Your compressed tarball should contain the four (4) items below:

- 1) **palindrome.s** It contains your partially assembled code.
- 2) **gprSim** It should contain your simulator for the multi-cycle machine.
- 3) README It should contain compilation instructions, and instructions on how to use your program. In this README file, please indicate your name and your student ID. In addition, a discussion of any design issues you ran into while implementing this project and a description of how the program works (or any parts that don't work) is also appropriate content for the README file. It should contain compilation instructions, and instructions on how to use your program.
- 4) **result.txt** It should contain the values you obtained for C, IC, and speed-up.

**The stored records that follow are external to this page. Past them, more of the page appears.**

(* Let $\lambda_0,\dots,\lambda_n\in\mathbb{C}$, $n\ge1$, $a\neq b$ real, and suppose $E_{(\lambda_0,\dots,\lambda_n)}$ and $E_{(\lambda_0,\dots,\lambda_{n-1})}$ are extended Chebyshev systems for $\{a,b\}$. For $k=0,\dots,n-1$ let $$d_k:=\lim_{x\to b}\frac{\frac{d}{dx}p_{(\lambda_0,\dots,\lambda_n),k}(x)}{p_{(\lambda_0,\dots,\lambda_{n-1}),k}(x)}$$ (these limits exist and are nonzero). Then for all $x\in\mathbb{R}$ $$e^{(x-a)\lambda_n}=p_{(\lambda_0,\dots,\lambda_n),0}(x)+\sum_{k=1}^n(-1)^k d_0\cdots d_{k-1}\,p_{(\lambda_0,\dots,\lambda_n),k}(x),$$ and for $k=1,\dots,n-1$, $$d_0\cdots d_{k-1}=(-1)^n\frac{e^{(b-a)\lambda_n}}{p_{(\lambda_0,\dots,\lambda_n),n}(b)}\cdot\frac{1}{d_k\cdots d_{n-1}}.$$
   Context: $E_{(\lambda_0,\dots,\lambda_m)}$ denotes the space of all $f\in C^\infty(\mathbb{R},\mathbb{C})$ with $(\frac{d}{dx}-\lambda_0)\cdots(\frac{d}{dx}-\lambda_m)f=0$ (dimension $m+1$). A zero of order (exactly) $k$ at $a$ means $f(a)=\dots=f^{(k-1)}(a)=0$, $f^{(k)}(a)\neq0$. $E_{(\lambda_0,\dots,\lambda_m)}$ is an extended Chebyshev system for $A\subset\mathbb{R}$ if every nonzero element has at most $m$ zeros in $A$ counted with multiplicity. In that case, for $A=\{a,b\}$, $a\ne b$, the Bernstein basis $p_{(\lambda_0,\dots,\lambda_m),k}$, $k=0,\dots,m$, is the unique family in $E_{(\lambda_0,\dots,\lambda_m)}$ with $p_{(\lambda_0,\dots,\lambda_m),k}$ having a zero of order exactly $k$ at $a$ and exactly $m-k$ at $b$, and $p^{(k)}_{(\lambda_0,\dots,\lambda_m),k}(a)=1$. *)

From Stdlib Require Import Reals Lra List.
Open Scope R_scope.

Record Cx := mkC { Re : R; Im : R }.

Definition Czero : Cx := mkC 0 0.
Definition Cone : Cx := mkC 1 0.
Definition RtoC (r : R) : Cx := mkC r 0.
Definition Cadd (z w : Cx) : Cx := mkC (Re z + Re w) (Im z + Im w).
Definition Copp (z : Cx) : Cx := mkC (- Re z) (- Im z).
Definition Csub (z w : Cx) : Cx := Cadd z (Copp w).
Definition Cmul (z w : Cx) : Cx :=
  mkC (Re z * Re w - Im z * Im w) (Re z * Im w + Im z * Re w).
Definition Cinv (z : Cx) : Cx :=
  let r := Re z * Re z + Im z * Im z in mkC (Re z / r) (- Im z / r).
Definition Cdiv (z w : Cx) : Cx := Cmul z (Cinv w).
Definition Cmod (z : Cx) : R := sqrt (Re z * Re z + Im z * Im z).
Definition Cexp (z : Cx) : Cx :=
  mkC (exp (Re z) * cos (Im z)) (exp (Re z) * sin (Im z)).
Fixpoint Cpow (z : Cx) (n : nat) : Cx :=
  match n with O => Cone | S n' => Cmul z (Cpow z n') end.

Fixpoint Csum (f : nat -> Cx) (n : nat) : Cx :=
  match n with O => Czero | S n' => Cadd (Csum f n') (f n') end.
Fixpoint Cprod_from (d : nat -> Cx) (i len : nat) : Cx :=
  match len with O => Cone | S l => Cmul (d i) (Cprod_from d (S i) l) end.

Definition is_derivC (f f' : R -> Cx) : Prop :=
  forall x, derivable_pt_lim (fun t => Re (f t)) x (Re (f' x)) /\
            derivable_pt_lim (fun t => Im (f t)) x (Im (f' x)).

(** [D] is a chain of successive derivatives: D k is the k-th derivative of D 0.
    A function f is Cx^infinity iff such a chain with D 0 = f exists (and then
    it is unique). *)
Definition deriv_chain (D : nat -> R -> Cx) : Prop :=
  forall k, is_derivC (D k) (D (S k)).

(** Applying (d/dx - l) to the chain of derivatives of f gives the chain of
    derivatives of f' - l f. *)
Definition shift_op (l : Cx) (D : nat -> R -> Cx) : nat -> R -> Cx :=
  fun k x => Csub (D (S k) x) (Cmul l (D k x)).

(** [apply_ops [l0;...;lm] D] = (d/dx - l0) ... (d/dx - lm) applied to D. *)
Definition apply_ops (ls : list Cx) (D : nat -> R -> Cx) : nat -> R -> Cx :=
  fold_right shift_op D ls.

Definition in_E (ls : list Cx) (D : nat -> R -> Cx) : Prop :=
  deriv_chain D /\ forall x, apply_ops ls D 0%nat x = Czero.

Definition lams (l : nat -> Cx) (m : nat) : list Cx := map l (seq 0 (S m)).

(** Extended Chebyshev system for A: E_ls has dimension m+1 = length ls, and
    every nonzero element has at most m zeros in A counted with multiplicity. *)
Definition ECT (ls : list Cx) (A : R -> Prop) : Prop :=
  forall D : nat -> R -> Cx, in_E ls D ->
    (exists x, D 0%nat x <> Czero) ->
    forall (pts : list R) (mult : R -> nat),
      NoDup pts -> (forall x, In x pts -> A x) ->
      (forall x, In x pts -> forall j, (j < mult x)%nat -> D j x = Czero) ->
      (list_sum (map mult pts) <= length ls - 1)%nat.

Definition zero_order (D : nat -> R -> Cx) (a : R) (k : nat) : Prop :=
  (forall j, (j < k)%nat -> D j a = Czero) /\ D k a <> Czero.

(** P k (a chain of derivatives) describes the Bernstein basis element
    p_{ls,k} = P k 0, for k = 0..m. *)
Definition bernstein_basis (ls : list Cx) (a b : R) (P : nat -> nat -> R -> Cx) : Prop :=
  let m := (length ls - 1)%nat in
  forall k, (k <= m)%nat ->
    in_E ls (P k) /\ zero_order (P k) a k /\ zero_order (P k) b (m - k) /\
    P k k a = Cone.

Definition Clim (g : R -> Cx) (b : R) (l : Cx) : Prop :=
  forall eps, 0 < eps -> exists delta, 0 < delta /\
    forall x, x <> b -> Rabs (x - b) < delta -> Cmod (Csub (g x) l) < eps.

(* Write L = d/dx - l_n, p_i = p_(l_0..l_n),i and q_k = p_(l_0..l_(n-1)),k.
   L maps E_(l_0..l_n) into E_(l_0..l_(n-1)), and in an extended Chebyshev
   space for {a, b} of order m an element is determined by i Hermite data at
   a together with m + 1 - i Hermite data at b.  Comparing such data gives
     L p_0 = d_0 q_0,   L p_i = q_(i-1) + d_i q_i  (0 < i < n),   L p_n = q_(n-1),
   with d_k = p_k^(n-k)(b) / q_k^(n-1-k)(b); a Taylor (l'Hopital) argument
   shows that d_k is the limit of p_k' / q_k at b.  With
   c_i = (-1)^i d_0 ... d_(i-1), the sum of the c_i p_i is killed by L
   (telescoping) and equals 1 at a, so it is exp((x - a) l_n) by uniqueness in
   E_(l_0..l_n).  Evaluating at b, where only p_n survives, gives the
   product identity. *)

From Stdlib Require Import Reals Lra Lia List Classical Factorial.
From Coquelicot Require Import Derive.
Open Scope R_scope.

(** * Arithmetic of [Cx] *)

Lemma Cext (z w : Cx) : Re z = Re w -> Im z = Im w -> z = w.
Proof. destruct z, w; simpl; intros; subst; reflexivity. Qed.

Ltac Cring := apply Cext; simpl; ring.

Lemma Cnorm_nonzero (z : Cx) : z <> Czero -> Re z * Re z + Im z * Im z <> 0.
Proof.
  intros Hz E; apply Hz; destruct z as [p q]; simpl in *.
  assert (p = 0) by nra; assert (q = 0) by nra; subst; reflexivity.
Qed.

Lemma Cmul_inv_r (z : Cx) : z <> Czero -> Cmul z (Cinv z) = Cone.
Proof.
  intros Hz; pose proof (Cnorm_nonzero z Hz).
  destruct z as [p q]; apply Cext; simpl in *; field; assumption.
Qed.

Lemma Cmul_nonzero (z w : Cx) : z <> Czero -> w <> Czero -> Cmul z w <> Czero.
Proof.
  intros Hz Hw E; apply Hw.
  transitivity (Cmul (Cmul z (Cinv z)) w); [rewrite Cmul_inv_r by exact Hz; Cring|].
  transitivity (Cmul (Cinv z) (Cmul z w)); [Cring | rewrite E; Cring].
Qed.

Lemma Cinv_nonzero (z : Cx) : z <> Czero -> Cinv z <> Czero.
Proof.
  intros Hz E; pose proof (Cmul_inv_r z Hz) as H; rewrite E in H.
  injection H; lra.
Qed.

Lemma Cdiv_mul_r (z w : Cx) : w <> Czero -> Cmul (Cdiv z w) w = z.
Proof.
  intros Hw; unfold Cdiv.
  transitivity (Cmul z (Cmul w (Cinv w))); [Cring | rewrite Cmul_inv_r by exact Hw; Cring].
Qed.

Lemma Csub_eq0 (z w : Cx) : Csub z w = Czero -> z = w.
Proof.
  destruct z, w; unfold Csub, Cadd, Copp, Czero; simpl; intros H; injection H; intros.
  apply Cext; simpl; lra.
Qed.

Lemma Cdiv_scale (r : R) (z w : Cx) :
  r <> 0 -> Cdiv (Cmul (RtoC r) z) (Cmul (RtoC r) w) = Cdiv z w.
Proof.
  intros Hr; destruct z as [p q], w as [u v]; unfold Cdiv, Cmul, Cinv, RtoC; simpl.
  destruct (Req_dec (u * u + v * v) 0) as [E|E].
  - assert (u = 0) by nra; assert (v = 0) by nra; subst.
    replace ((r * 0 - 0 * 0) * (r * 0 - 0 * 0) + (r * 0 + 0 * 0) * (r * 0 + 0 * 0))
      with 0 by ring.
    replace (0 * 0 + 0 * 0) with 0 by ring; unfold Rdiv; rewrite Rinv_0.
    apply Cext; simpl; ring.
  - assert (r * r <> 0) by (apply Rmult_integral_contrapositive; auto).
    apply Cext; simpl; field; split; auto; nra.
Qed.

Lemma Cpow_sign_sq (k : nat) : Cmul (Cpow (Copp Cone) k) (Cpow (Copp Cone) k) = Cone.
Proof.
  induction k as [|k IH]; simpl; [Cring|].
  transitivity (Cmul (Cpow (Copp Cone) k) (Cpow (Copp Cone) k)); [Cring | exact IH].
Qed.

Lemma Cprod_nonzero (d : nat -> Cx) (s l : nat) :
  (forall i, (s <= i < s + l)%nat -> d i <> Czero) -> Cprod_from d s l <> Czero.
Proof.
  revert s; induction l as [|l IH]; intros s H; simpl.
  - intros E; injection E; lra.
  - apply Cmul_nonzero; [apply H; lia | apply IH; intros; apply H; lia].
Qed.

Lemma Cprod_split (d : nat -> Cx) (s k l : nat) :
  Cprod_from d s (k + l) = Cmul (Cprod_from d s k) (Cprod_from d (s + k) l).
Proof.
  revert s; induction k as [|k IH]; intros s; simpl.
  - rewrite Nat.add_0_r; generalize (Cprod_from d s l); intros; Cring.
  - rewrite IH, <- Nat.add_succ_comm; generalize (Cprod_from d (S s) k); intros; Cring.
Qed.

Lemma Cprod_last (d : nat -> Cx) (s l : nat) :
  Cprod_from d s (S l) = Cmul (Cprod_from d s l) (d (s + l)%nat).
Proof.
  rewrite <- Nat.add_1_r, Cprod_split; simpl; generalize (Cprod_from d s l); intros; Cring.
Qed.

Lemma Csum_zero (f : nat -> Cx) (N : nat) :
  (forall i, (i < N)%nat -> f i = Czero) -> Csum f N = Czero.
Proof. induction N; intros H; simpl; [reflexivity | rewrite IHN, H; auto; Cring]. Qed.

Lemma Csum_first (f : nat -> Cx) (N : nat) :
  Csum f (S N) = Cadd (f 0%nat) (Csum (fun i => f (S i)) N).
Proof.
  induction N; simpl in *; [Cring|].
  rewrite IHN; generalize (Csum (fun i => f (S i)) N); intros; Cring.
Qed.

(** * Derivative chains and the spaces [E] *)

Lemma derivable_pt_lim_congr (f g : R -> R) (x l l' : R) :
  (forall t, f t = g t) -> l = l' -> derivable_pt_lim f x l -> derivable_pt_lim g x l'.
Proof.
  intros E <-; apply derivable_pt_lim_ext, E.
Qed.

Lemma is_derivC_ext (f g f' g' : R -> Cx) :
  (forall x, f x = g x) -> (forall x, f' x = g' x) -> is_derivC f f' -> is_derivC g g'.
Proof.
  intros E E' H x; destruct (H x) as [HRe HIm]; rewrite <- E'.
  split; [apply (derivable_pt_lim_congr _ _ _ _ _ (fun t => f_equal Re (E t)) eq_refl HRe)
         |apply (derivable_pt_lim_congr _ _ _ _ _ (fun t => f_equal Im (E t)) eq_refl HIm)].
Qed.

# 5.2 How to name and create your compressed file?

To create a compressed tar.gz file from multiple files or/and folders, we need to run the tar command as follows.

```
tar vfzc project1.tar.gz <folder 4300 p2 folder>
```

where <folder\_4300\_p2\_folder> is a folder that contains the four (4) items described in Section 5.1. project1.tar.gz is the single compressed file to be submitted via Canvas. For example, my single compressed file to be submitted can be created using the following command:

```
tar vfzc project1.tar.gz ./comp4300/project2
```

where ./comp4300/project2 is a folder that contains the above seven items.

#### 5.3 Notes:

- 1) Other format (e.g., pdf, doc, txt) will not be accepted.
- 2) No e-mail submission is accepted
- 3) You will **lose points** (at least 5 points and up to 10 points) if you do not submit a single compressed file and name your compressed file in the format described in this Section.

# 6. Grading Criteria

- 1) Partially assembled code palindrome.s: 10%
- 2) A simulator for multi-cycle machines: 45%
- 3) Adhering to coding style: 15%
- 4) README file: 10%
- 5) Values obtained for C, IC, and speed-up: 15%.
- 6) Specific file names: 5%

# 7. Late Submission Penalty

- Twenty percent (20%) penalty per day for late submission. For example, an assignment submitted after the deadline but up to 1 day (24 hours) late can achieve a maximum of 80% of points allocated for the assignment. An assignment submitted after the deadline but up to 2 days (48 hours) late can achieve a maximum of 60% of points allocated for the assignment.
- Assignment submitted more than 3 days (72 hours) after the deadline will not be graded.

# 8. Rebuttal period

 You will be given a period of 72 hours to read and respond to the comments and grades of your homework or project assignment. The TA may use this opportunity to address any concern and question you have. The TA also may ask for additional information from you regarding your homework or project.